In all cases where cif_vrs list is modified, two locks are held: per-ifnet
CIF_LOCK and global carp_sx. It means to read that list only one of them
is enough to be held, so we can skip CIF_LOCK when we already have carp_sx.
This fixes kernel panic, caused by attempts of copyout() to sleep while
holding non-sleepable CIF_LOCK mutex.
alc [Thu, 19 Oct 2017 04:13:47 +0000 (04:13 +0000)]
Batch atomic updates to the number of active, inactive, and laundry
pages by vm_object_terminate_pages(). For example, for a "buildworld"
workload, this batching reduces vm_object_terminate_pages()'s average
execution time by 12%. (The total savings were about 11.7 billion
processor cycles.)
jhibbits [Thu, 19 Oct 2017 03:38:53 +0000 (03:38 +0000)]
Add some more devices to the MPC85XX-based configs
These devices bring the configs closer to a desktop-like (GENERIC) kernel
config.
* The Freescale DIU support was added to the config in r306358.
Without keyboard support video support is nearly pointless, so add ukbd and
ums.
* The AmigaOne X5000, and P1022 devboard, both use a variant of the ds1307 RTC
* cpufreq scaling is currently supported by the p1022. More SoCs will be added
eventually.
cy [Thu, 19 Oct 2017 03:17:50 +0000 (03:17 +0000)]
Anticongestion refinements for ntpd rc script.
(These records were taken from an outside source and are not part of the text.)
Lemma is_derive_C_parts (f : R -> C) (x : R) (l : C) :
  is_derive (fun y => Re (f y)) x (Re l) -> is_derive (fun y => Im (f y)) x (Im l) ->
  is_derive f x l.
Proof.
  intros Hre Him. destruct l as [a b]. unfold is_derive in *.
  eapply filterdiff_ext_lin.
  - eapply filterdiff_ext.
    2:{ apply (filterdiff_comp'_2 _ _
              (fun u v => (u, v) : prod_NormedModule R_AbsRing R_NormedModule R_NormedModule)
              x _ _ (fun u v => (u, v)) Hre Him).
        apply filterdiff_linear.
        eapply is_linear_ext;
          [| apply (@is_linear_id R_AbsRing (prod_NormedModule R_AbsRing R_NormedModule R_NormedModule))].
        intros [u v]. reflexivity. }
    intros y. simpl. destruct (f y). reflexivity.
  - reflexivity.
Qed.

Lemma is_derive_Cmult (f g : R -> C) (x : R) (df dg : C) :
  is_derive f x df -> is_derive g x dg ->
  is_derive (fun y => f y * g y) x (df * g x + f x * dg).
Proof.
  intros Hf Hg.
  pose proof (is_derive_Re _ _ _ Hf) as Hf1. pose proof (is_derive_Im _ _ _ Hf) as Hf2.
  pose proof (is_derive_Re _ _ _ Hg) as Hg1. pose proof (is_derive_Im _ _ _ Hg) as Hg2.
  apply is_derive_C_parts.
  - pose proof (is_derive_minus _ _ _ _ _ (is_derive_mult _ _ _ _ _ Hf1 Hg1 Rmult_comm)
                                          (is_derive_mult _ _ _ _ _ Hf2 Hg2 Rmult_comm)) as D.
    eapply is_derive_ext; [intros y | refine (eq_rect _ (is_derive _ x) D _ _)];
      unfold minus, plus, opp, mult, Re, Im; simpl; ring.
  - pose proof (is_derive_plus _ _ _ _ _ (is_derive_mult _ _ _ _ _ Hf1 Hg2 Rmult_comm)
                                         (is_derive_mult _ _ _ _ _ Hf2 Hg1 Rmult_comm)) as D.
    eapply is_derive_ext; [intros y | refine (eq_rect _ (is_derive _ x) D _ _)];
      unfold plus, mult, Re, Im; simpl; ring.
Qed.
Lemma joint_derived q t a y :
  joint (dm q) (@Ytilde S) (lift_fst A) (lift_fst Y) t a y =
  \sum_yh J yh a y * (if t then q yh a else 1 - q yh a).
Proof.
rewrite {1}/joint prE sum_derived_mass.
rewrite (sum_joint mu Yh A Y (fun yh a' y' =>
  q yh a' * [&& true == t, a' == a & y' == y]%:R +
  (1 - q yh a') * [&& false == t, a' == a & y' == y]%:R)).
by rewrite !big_bool /=; case: t; case: a; case: y => /=; ring.
Qed.

Lemma derived_lossE q l :
  derived_loss mu Yh A Y l q =
  \sum_yh \sum_a \sum_y J yh a y * (l false y + (l true y - l false y) * q yh a).
Proof.
rewrite /derived_loss /exp_loss sum_derived_mass -sum_joint.
by apply: eq_bigr => s _; rewrite /Ytilde /lift_fst /=; ring.
Qed.

Lemma derived_gammaE q a :
  derived_gamma mu Yh A Y q a =
  (\sum_yh cond_yhat J a false yh * q yh a, \sum_yh cond_yhat J a true yh * q yh a).
Proof.
rewrite /derived_gamma gamma_joint !joint_derived !pr_derived_AY !(pr_AY mu A Y Yh) /=.
by congr pair; rewrite big_distrl; apply: eq_bigr => yh _; rewrite /cond_yhat mulrAC.
Qed.

Lemma gamma_cond_yhat a :
  gamma mu A Y Yh a = (cond_yhat J a false true, cond_yhat J a true true).
Proof. by rewrite gamma_joint !(pr_AY mu A Y Yh). Qed.

Lemma gamma_negb_cond_yhat a :
  gamma mu A Y (fun s => ~~ Yh s) a =
  (cond_yhat J a false false, cond_yhat J a true false).
Proof.
rewrite gamma_joint !(pr_AY mu A Y Yh) /cond_yhat.
by congr (_ / _, _ / _); apply: eq_pr => s /=; case: (Yh s).
Qed.

Hypothesis pr_AY_gt0 : forall a y, 0 < pr mu [pred s | (A s == a) && (Y s == y)].

Lemma derived_gamma_in_Pa q a :
  param_ok q -> Pa mu A Y Yh a (derived_gamma mu Yh A Y q a).
Proof.
move=> q_ok; rewrite /Pa derived_gammaE !big_bool gamma_cond_yhat gamma_negb_cond_yhat.
by apply: convhull4_mix => //=; apply: cond_yhat_sum1; rewrite -pr_AY gt_eqF.
Qed.

Lemma derived_eq_oddsP q :
  eq_odds (dm q) (lift_fst A) (lift_fst Y) (@Ytilde S) <->
  derived_gamma mu Yh A Y q false = derived_gamma mu Yh A Y q true.
Proof.
by apply: eq_oddsP => a y; rewrite pr_derived_AY.
Qed.

Lemma feasibleP q :
  param_ok q ->
  feasible mu Yh A Y q <-> eq_odds (dm q) (lift_fst A) (lift_fst Y) (@Ytilde S).
Proof.
move=> q_ok; rewrite derived_eq_oddsP.
split=> [[] // | gamma_eq]; split=> // a; exact: derived_gamma_in_Pa.
Qed.

End DerivedPredictor.

Theorem proposition4p4 (R : realFieldType) :
  (* (i) the problem is a linear program in the four parameters q yh a:
     the objective and gamma_a(Ytilde) are affine in q, with coefficients
     given by fixed functions of the joint distribution of (Yhat, A, Y)
     (and of the loss) *)
  (exists (c0 : (bool -> bool -> bool -> R) -> (bool -> bool -> R) -> R)
          (c : (bool -> bool -> bool -> R) -> (bool -> bool -> R) ->
               bool -> bool -> R)
          (d : (bool -> bool -> bool -> R) -> bool -> bool -> bool -> R),
     forall (S : finType) (mu : S -> R) (Y Yh A : S -> bool)
            (l : bool -> bool -> R),
       is_pmf mu ->
       (forall a y : bool, 0 < pr mu [pred s | (A s == a) && (Y s == y)]) ->
       forall q : bool -> bool -> R,
         derived_loss mu Yh A Y l q
           = c0 (joint mu Yh A Y) l + (\sum_(yh : bool) \sum_(a : bool)
                                    c (joint mu Yh A Y) l yh a * q yh a) /\
         forall a : bool,
           derived_gamma mu Yh A Y q a
             = ((\sum_(yh : bool) d (joint mu Yh A Y) a false yh * q yh a),
                (\sum_(yh : bool) d (joint mu Yh A Y) a true yh * q yh a))) /\
  (* (ii) any solution is an optimal equalized odds derived predictor *)
  (forall (S : finType) (mu : S -> R) (Y Yh A : S -> bool)
          (l : bool -> bool -> R),
     is_pmf mu ->
     (forall a y : bool, 0 < pr mu [pred s | (A s == a) && (Y s == y)]) ->
     forall q : bool -> bool -> R,
       solves mu Yh A Y l q ->
       param_ok q /\
       eq_odds (derived_mass mu Yh A q) (lift_fst A) (lift_fst Y) (@Ytilde S) /\
       forall q' : bool -> bool -> R, param_ok q' ->
         eq_odds (derived_mass mu Yh A q') (lift_fst A) (lift_fst Y) (@Ytilde S) ->
         derived_loss mu Yh A Y l q <= derived_loss mu Yh A Y l q').
Proof.
split.
  exists (fun J l => \sum_yh \sum_a \sum_y J yh a y * l false y),
         (fun J l yh a => \sum_y J yh a y * (l true y - l false y)),
         (@cond_yhat R).
  move=> S mu Y Yh A l _ _ q; split=> [|a]; last exact: derived_gammaE.
  by rewrite derived_lossE !big_bool /=; ring.
move=> S mu Y Yh A l _ pr_AY_gt0 q [[q_ok _ gamma_eq] q_opt].
split=> //; split; first exact/derived_eq_oddsP.
by move=> q' q'_ok q'_eq_odds; apply: q_opt; apply/feasibleP.
Qed.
This reverts r324681
and checks if ntp leapfile needs fetching before entering into the
anticongestion sleep.
Unfortunately some ports still use their own sleeps so, this commit
doesn't address the complete problem which is compounded by every
port that uses its own anticongestion mechanism.
mjg [Thu, 19 Oct 2017 01:38:31 +0000 (01:38 +0000)]
sysctl: only take mem lock if oldlen is > 4 * PAGE_SIZE
The previous limit of just one page is hit by ps.
The entire mechanism should be reworked, if not whacked. It seems the intent
is to reduce kernel dos-ability - some handlers wire the amount of memory
passed here. Handlers should probably stop wiring in the first place or in
the worst case indicate they are doing so so that the check is done only if
necessary. It should also probably be a counter, not a lock.